It’s bilingual, it’s a complete sentence and it makes sense. As for the asymmetrical tilde over the first ‘n’, that’s okay because I, um, referenced an ancient Egyptian goddess, and that offsets it. The punctuation doesn’t count either.
Gray also refers to an epic 1,500 word construct that begins with, “A man, a plan, a caret, a ban, a myriad, a sum, a lac…” and ends with “a calamus, a dairy man, a bater, a canal – Panama.” Impressive length, but still just a laundry list of I’ll-take-your-word-for-it weirdness.

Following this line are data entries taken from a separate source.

(* Let the setting, algorithm and notation be as described in the context. For $(x,y,z)\in\mathcal X\times\mathcal Y\times\mathcal Z$ and $k\ge0$ write \[ \Gamma_{k}(x,y,z):=\big(p(x^{k+1})+q(y^{k+1})\big)-\big(p(x)+q(y)\big)+\langle x^{k+1}-x,\nabla f(x)+Az\rangle+\langle y^{k+1}-y,\nabla g(y)+Bz\rangle+\langle\tilde z^{k+1}-z,-(A^*x+B^*y-c)\rangle . \] (a) For every $k\ge0$ and $(x,y,z)\in\mathcal X\times\mathcal Y\times\mathcal Z$, \[ \Gamma_k(x,y,z)+\tfrac12\big(\phi_{k+1}(x,y,z)-\phi_k(x,y,z)\big)\le-\tfrac12\Big(s_{k+1}+(1-\tau)\sigma\|r^{k+1}\|^2+\sigma\|A^*x^{k+1}+B^*y^k-c\|^2\Big). \] (b) Assume moreover $\frac12\widehat\Sigma_g+T\succeq0$. Then for every $\alpha\in(0,1]$, every $k\ge1$ and every $(x,y,z)\in\mathcal X\times\mathcal Y\times\mathcal Z$, with $\kappa:=1-\alpha\min(\tau,\tau^{-1})$, \[ \Gamma_k(x,y,z)+\tfrac12\Big\{\big[\phi_{k+1}(x,y,z)+\kappa\sigma\|r^{k+1}\|^2+\alpha\xi_{k+1}\big]-\big[\phi_k(x,y,z)+\kappa\sigma\|r^k\|^2+\alpha\xi_k\big]\Big\}\le-\tfrac12\Big\{t_{k+1}+\big[-\tau+\alpha\min(1+\tau,1+\tau^{-1})\big]\sigma\|r^{k+1}\|^2\Big\}, \] where $t_{k+1}$ is defined with this $\alpha$.
   Context: Let $\mathcal X,\mathcal Y,\mathcal Z$ be finite-dimensional real Euclidean spaces with inner products $\langle\cdot,\cdot\rangle$ and induced norms $\|\cdot\|$. Let $p:\mathcal X\to(-\infty,+\infty]$ and $q:\mathcal Y\to(-\infty,+\infty]$ be closed proper convex functions, and let $f:\mathcal X\to\mathbb R$, $g:\mathcal Y\to\mathbb R$ be convex differentiable functions with Lipschitz continuous gradients. Let $A:\mathcal Z\to\mathcal X$, $B:\mathcal Z\to\mathcal Y$ be linear maps with adjoints $A^*,B^*$, and $c\in\mathcal Z$. Let $\Sigma_f,\widehat\Sigma_f$ (on $\mathcal X$) and $\Sigma_g,\widehat\Sigma_g$ (on $\mathcal Y$) be self-adjoint positive semidefinite linear operators with $\widehat\Sigma_f\succeq\Sigma_f$, $\widehat\Sigma_g\succeq\Sigma_g$, such that for all $x,x'\in\mathcal X$, $y,y'\in\mathcal Y$: $f(x')+\langle x-x',\nabla f(x')\rangle+\frac12\|x-x'\|^2_{\Sigma_f}\le f(x)\le f(x')+\langle x-x',\nabla f(x')\rangle+\frac12\|x-x'\|^2_{\widehat\Sigma_f}$ and the analogous two inequalities for $g$ with $\Sigma_g,\widehat\Sigma_g$. For a self-adjoint (possibly indefinite) operator $G$, $\|u\|_G^2:=\langle u,Gu\rangle$. Algorithm (Majorized iPADMM): let $\sigma>0$, $\tau>0$, and let $S:\mathcal X\to\mathcal X$, $T:\mathcal Y\to\mathcal Y$ be self-adjoint, possibly indefinite, linear operators with $\widehat\Sigma_f+S+\sigma AA^*\succeq0$ and $\widehat\Sigma_g+T+\sigma BB^*\succeq0$. Starting from $(x^0,y^0,z^0)\in\mathrm{dom}(p)\times\mathrm{dom}(q)\times\mathcal Z$, for $k=0,1,\dots$: $x^{k+1}\in\arg\min_{x}\{p(x)+\langle\nabla f(x^k),x\rangle+\frac12\|x-x^k\|^2_{\widehat\Sigma_f+S}+\langle z^k,A^*x\rangle+\frac\sigma2\|A^*x+B^*y^k-c\|^2\}$, $y^{k+1}\in\arg\min_{y}\{q(y)+\langle\nabla g(y^k),y\rangle+\frac12\|y-y^k\|^2_{\widehat\Sigma_g+T}+\langle z^k,B^*y\rangle+\frac\sigma2\|A^*x^{k+1}+B^*y-c\|^2\}$, $z^{k+1}=z^k+\tau\sigma(A^*x^{k+1}+B^*y^{k+1}-c)$ (the minimizers are assumed to exist). Notation: $r^k:=A^*x^k+B^*y^k-c$, $\tilde z^{k+1}:=z^k+\sigma r^{k+1}$; for $\alpha\in(0,1]$, $H_f:=\frac12\Sigma_f+S+\frac12(1-\alpha)\sigma AA^*$ and $M_g:=\frac12\Sigma_g+T+\min(\tau,1+\tau-\tau^2)\alpha\sigma BB^*$; $\phi_k(x,y,z):=(\tau\sigma)^{-1}\|z^k-z\|^2+\|x^k-x\|^2_{\widehat\Sigma_f+S}+\|y^k-y\|^2_{\widehat\Sigma_g+T}+\sigma\|A^*x+B^*y^k-c\|^2$; $\xi_{k+1}:=\|y^{k+1}-y^k\|^2_{\widehat\Sigma_g+T}$; $s_{k+1}:=\|x^{k+1}-x^k\|^2_{\frac12\Sigma_f+S}+\|y^{k+1}-y^k\|^2_{\frac12\Sigma_g+T}$; $t_{k+1}:=\|x^{k+1}-x^k\|^2_{H_f}+\|y^{k+1}-y^k\|^2_{M_g}$. *)

(* Finite-dimensional real Euclidean
   spaces are modelled as column vectors 'cV[R]_n with the standard inner
   product; linear maps as matrices, adjoints as transposes. *)
From HB Require Import structures.
From mathcomp Require Import all_boot all_order all_algebra.
From mathcomp Require Import all_classical all_reals all_analysis.
Set Implicit Arguments. Unset Strict Implicit. Unset Printing Implicit Defensive.
Import Order.TTheory GRing.Theory Num.Theory.
Import numFieldNormedType.Exports.
Local Open Scope ring_scope.
Local Open Scope classical_set_scope.

Definition ip {R : realType} {n : nat} (u v : 'cV[R]_n) : R := (u^T *m v) 0 0.

Definition nrm2 {R : realType} {n : nat} (u : 'cV[R]_n) : R := ip u u.

Definition enorm {R : realType} {n : nat} (u : 'cV[R]_n) : R := Num.sqrt (nrm2 u).

Definition sqn {R : realType} {n : nat} (G : 'M[R]_n) (u : 'cV[R]_n) : R :=
  ip u (G *m u).

Definition selfadj {R : realType} {n : nat} (G : 'M[R]_n) : Prop := G^T = G.

Definition psd {R : realType} {n : nat} (G : 'M[R]_n) : Prop :=
  forall u : 'cV[R]_n, 0 <= sqn G u.

Definition ext_valued {R : realType} {n : nat} (p : 'cV[R]_n -> \bar R) : Prop :=
  forall x, p x != -oo%E.

Definition proper_fun {R : realType} {n : nat} (p : 'cV[R]_n -> \bar R) : Prop :=
  ext_valued p /\ exists x, (p x < +oo)%E.

Definition convex_efun {R : realType} {n : nat} (p : 'cV[R]_n -> \bar R) : Prop :=
  forall (x y : 'cV[R]_n) (t : R), 0 < t < 1 ->
    (p (t *: x + (1 - t) *: y)%R <= t%:E * p x + (1 - t)%R%:E * p y)%E.

Definition closed_efun {R : realType} {n : nat} (p : 'cV[R]_n -> \bar R) : Prop :=
  closed [set xa : 'cV[R]_n * R | (p xa.1 <= xa.2%:E)%E].

Definition convex_fun {R : realType} {n : nat} (f : 'cV[R]_n -> R) : Prop :=
  forall (x y : 'cV[R]_n) (t : R), 0 <= t <= 1 ->
    f (t *: x + (1 - t) *: y) <= t * f x + (1 - t) * f y.

Definition is_gradient {R : realType} {n : nat} (f : 'cV[R]_n -> R)
  (gradf : 'cV[R]_n -> 'cV[R]_n) : Prop :=
  forall x, differentiable f x /\ forall h, 'd f x h = ip h (gradf x).

Definition lipschitz_fun {R : realType} {n : nat} (F : 'cV[R]_n -> 'cV[R]_n) : Prop :=
  exists L : R, forall x y, enorm (F x - F y) <= L * enorm (x - y).

Definition quad_bounds {R : realType} {n : nat} (f : 'cV[R]_n -> R)
  (gradf : 'cV[R]_n -> 'cV[R]_n) (Sig Sighat : 'M[R]_n) : Prop :=
  forall x x' : 'cV[R]_n,
    f x' + ip (x - x') (gradf x') + 2^-1 * sqn Sig (x - x') <= f x /\
    f x <= f x' + ip (x - x') (gradf x') + 2^-1 * sqn Sighat (x - x').

From HB Require Import structures.
From mathcomp Require Import all_boot all_order all_algebra.
From mathcomp Require Import all_classical all_reals all_analysis.
From mathcomp Require Import ring lra.
Set Implicit Arguments. Unset Strict Implicit. Unset Printing Implicit Defensive.
Import Order.TTheory GRing.Theory Num.Theory.
Import numFieldNormedType.Exports.
Local Open Scope ring_scope.

(* Both estimates are nonnegative combinations of elementary inequalities.
   Since x^{k+1} and y^{k+1} minimise convex functions plus smooth quadratics,
   convexity of p and q yields first-order variational inequalities; the
   two-sided quadratic bounds on f and g control the gradient terms; and the
   multiplier update z^{k+1} = z^k + tau sigma r^{k+1} converts the change of
   ||z^k - z||^2 into cross terms with r^{k+1}.  Once every inner product is
   expanded, (a) is the sum of these facts.  For (b) one adds, with weight
   alpha, the y-variational inequalities of two consecutive steps, which bound
   <r^{k+1}, B^*(y^{k+1} - y^k)>, and absorbs the remaining cross terms with
   ||u - v||^2 >= 0 and ||tau u + v||^2 >= 0. *)

Section InnerProduct.
Variable R : realType.

Lemma ip_sum n (u v : 'cV[R]_n) : ip u v = \sum_i u i 0 * v i 0.
Proof. by rewrite /ip !mxE; apply: eq_bigr => i _; rewrite mxE. Qed.

Lemma ipC n (u v : 'cV[R]_n) : ip u v = ip v u.
Proof. by rewrite !ip_sum; apply: eq_bigr => i _; rewrite mulrC. Qed.

Lemma ipDl n (u v w : 'cV[R]_n) : ip (u + v) w = ip u w + ip v w.
Proof. by rewrite !ip_sum -big_split; apply: eq_bigr => i _; rewrite mxE mulrDl. Qed.

Lemma ipDr n (u v w : 'cV[R]_n) : ip w (u + v) = ip w u + ip w v.
Proof. by rewrite ipC ipDl !(ipC w). Qed.

Lemma ipZl n a (u w : 'cV[R]_n) : ip (a *: u) w = a * ip u w.
Proof. by rewrite !ip_sum mulr_sumr; apply: eq_bigr => i _; rewrite mxE mulrA. Qed.

Lemma ipZr n a (u w : 'cV[R]_n) : ip w (a *: u) = a * ip w u.
Proof. by rewrite ipC ipZl ipC. Qed.

Lemma ipNl n (u w : 'cV[R]_n) : ip (- u) w = - ip u w.
Proof. by rewrite -scaleN1r ipZl mulN1r. Qed.

Lemma ipNr n (u w : 'cV[R]_n) : ip w (- u) = - ip w u.
Proof. by rewrite ipC ipNl ipC. Qed.

Lemma ip_mulmxl n m (M : 'M[R]_(n, m)) u v : ip (M *m u) v = ip u (M^T *m v).
Proof. by rewrite /ip trmx_mul mulmxA. Qed.

Lemma ip_mulmxr n m (M : 'M[R]_(n, m)) u v : ip v (M *m u) = ip (M^T *m v) u.
Proof. by rewrite ipC ip_mulmxl ipC. Qed.

Lemma ip_selfadjl n (Q : 'M[R]_n) u v : selfadj Q -> ip (Q *m u) v = ip u (Q *m v).
Proof. by move=> hQ; rewrite ip_mulmxl hQ. Qed.

Lemma ip_selfadjC n (Q : 'M[R]_n) u v : selfadj Q -> ip u (Q *m v) = ip v (Q *m u).
Proof. by move=> hQ; rewrite ip_mulmxr hQ ipC. Qed.

Lemma selfadjD n (Q1 Q2 : 'M[R]_n) : selfadj Q1 -> selfadj Q2 -> selfadj (Q1 + Q2).
Proof. by move=> h1 h2; rewrite /selfadj linearD /= h1 h2. Qed.

Lemma nrm2_ge0 n (u : 'cV[R]_n) : 0 <= nrm2 u.
Proof. by rewrite /nrm2 ip_sum; apply: sumr_ge0 => i _; rewrite -expr2 sqr_ge0. Qed.

Lemma sqnD n (Q1 Q2 : 'M[R]_n) u : sqn (Q1 + Q2) u = sqn Q1 u + sqn Q2 u.
Proof. by rewrite /sqn mulmxDl ipDr. Qed.

Lemma sqnZ n a (Q : 'M[R]_n) u : sqn (a *: Q) u = a * sqn Q u.
Proof. by rewrite /sqn -scalemxAl ipZr. Qed.

Lemma sqn_mulmx_tr n m (M : 'M[R]_(n, m)) u : sqn (M *m M^T) u = nrm2 (M^T *m u).
Proof. by rewrite /sqn -mulmxA ip_mulmxr. Qed.

End InnerProduct.

Ltac ip_expand := do 3 rewrite ?mulmxDr ?mulmxN ?mulmxDl ?mulNmx -?scalemxAr
  -?scalemxAl -?mulmxA ?ipDl ?ipDr ?ipNl ?ipNr ?ipZl ?ipZr.

(* Orients every pairing, by symmetry of [ip] and of the self-adjoint operators
   in context, so that equal pairings become syntactically equal atoms for [lra]. *)
Ltac ip_normalize :=
  repeat match goal with
  | |- context[ip (?Q *m ?u) ?v] =>
      match goal with hQ : selfadj Q |- _ => rewrite (ip_selfadjl u v hQ) end
  | |- context[ip ?u (?Q *m ?v)] =>
      tryif constr_eq u v then fail else
      match goal with |- context[ip v (Q *m u)] =>
        match goal with hQ : selfadj Q |- _ => rewrite (ip_selfadjC v u hQ) end end
  | |- context[ip ?u ?v] =>
      tryif constr_eq u v then fail else
      match goal with |- context[ip v u] => rewrite (ipC v u) end
  end.

Section Norms.
Variable R : realType.

Lemma nrm2D n (u v : 'cV[R]_n) : nrm2 (u + v) = nrm2 u + 2 * ip u v + nrm2 v.
Proof. rewrite /nrm2; ip_expand; ip_normalize; ring. Qed.

Lemma nrm2Z n a (u : 'cV[R]_n) : nrm2 (a *: u) = a ^+ 2 * nrm2 u.
Proof. rewrite /nrm2; ip_expand; ring. Qed.

End Norms.

Section Optimality.
Variable R : realType.

Lemma ler_of_forall_ler_addtM (a b c : R) : 0 <= c ->
  (forall t, 0 < t < 1 -> a <= b + t * c) -> a <= b.
Proof.
move=> c0 hab; apply/ler_addgt0Pr => e e0.
have ce0 : 0 < c + e + e by lra.
have t0 : 0 < e / (c + e + e) by rewrite divr_gt0.
have t1 : e / (c + e + e) < 1 by rewrite ltr_pdivrMr //; lra.
have tc : e / (c + e + e) * c <= e.
  by rewrite mulrAC ler_pdivrMr // -subr_ge0 -mulrBr mulr_ge0 //; lra.
by have := hab _ (introT andP (conj t0 t1)); lra.
Qed.

Lemma argmin_fin_num n (p : 'cV[R]_n -> \bar R) (h : 'cV[R]_n -> R) x1 :
  proper_fun p -> (forall x, (p x1 + (h x1)%:E <= p x + (h x)%:E)%E) ->
  p x1 \is a fin_num.
Proof.
move=> [pNy [x px]] hmin; rewrite fin_numE pNy /=.
have fx : p x \is a fin_num by rewrite fin_numE pNy /= lt_eqF.
apply/negP => /eqP p1; move: (hmin x).
by rewrite -(fineK fx) p1 addye //= -EFinD leye_eq.
Qed.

Straight-up poetry is the only way to go. Most palindromic poems just reverse the word order, like this anonymous piece:
—————————
Mornings
fresh and clear
makes sunrise spectacular
with birds chirping
- GLORIOUS -
chirping birds with
spectacular sunrise makes
clear and fresh
mornings.
—————————
…while some work on the letter level, like this one — my contribution to a small but growing body of recorded mental masturbation:
—————————
Never one — lots.
No welt, tipsy bee’s mattress!
Adios, el bong!
Items I knit: solar bocci, ozone.
Can a cenozoic cobra
lost in kismet ignoble
(so I’d assert, Tam)
see by spittle won?
Stolen?
Or even…
—————————
And it makes perfect sense!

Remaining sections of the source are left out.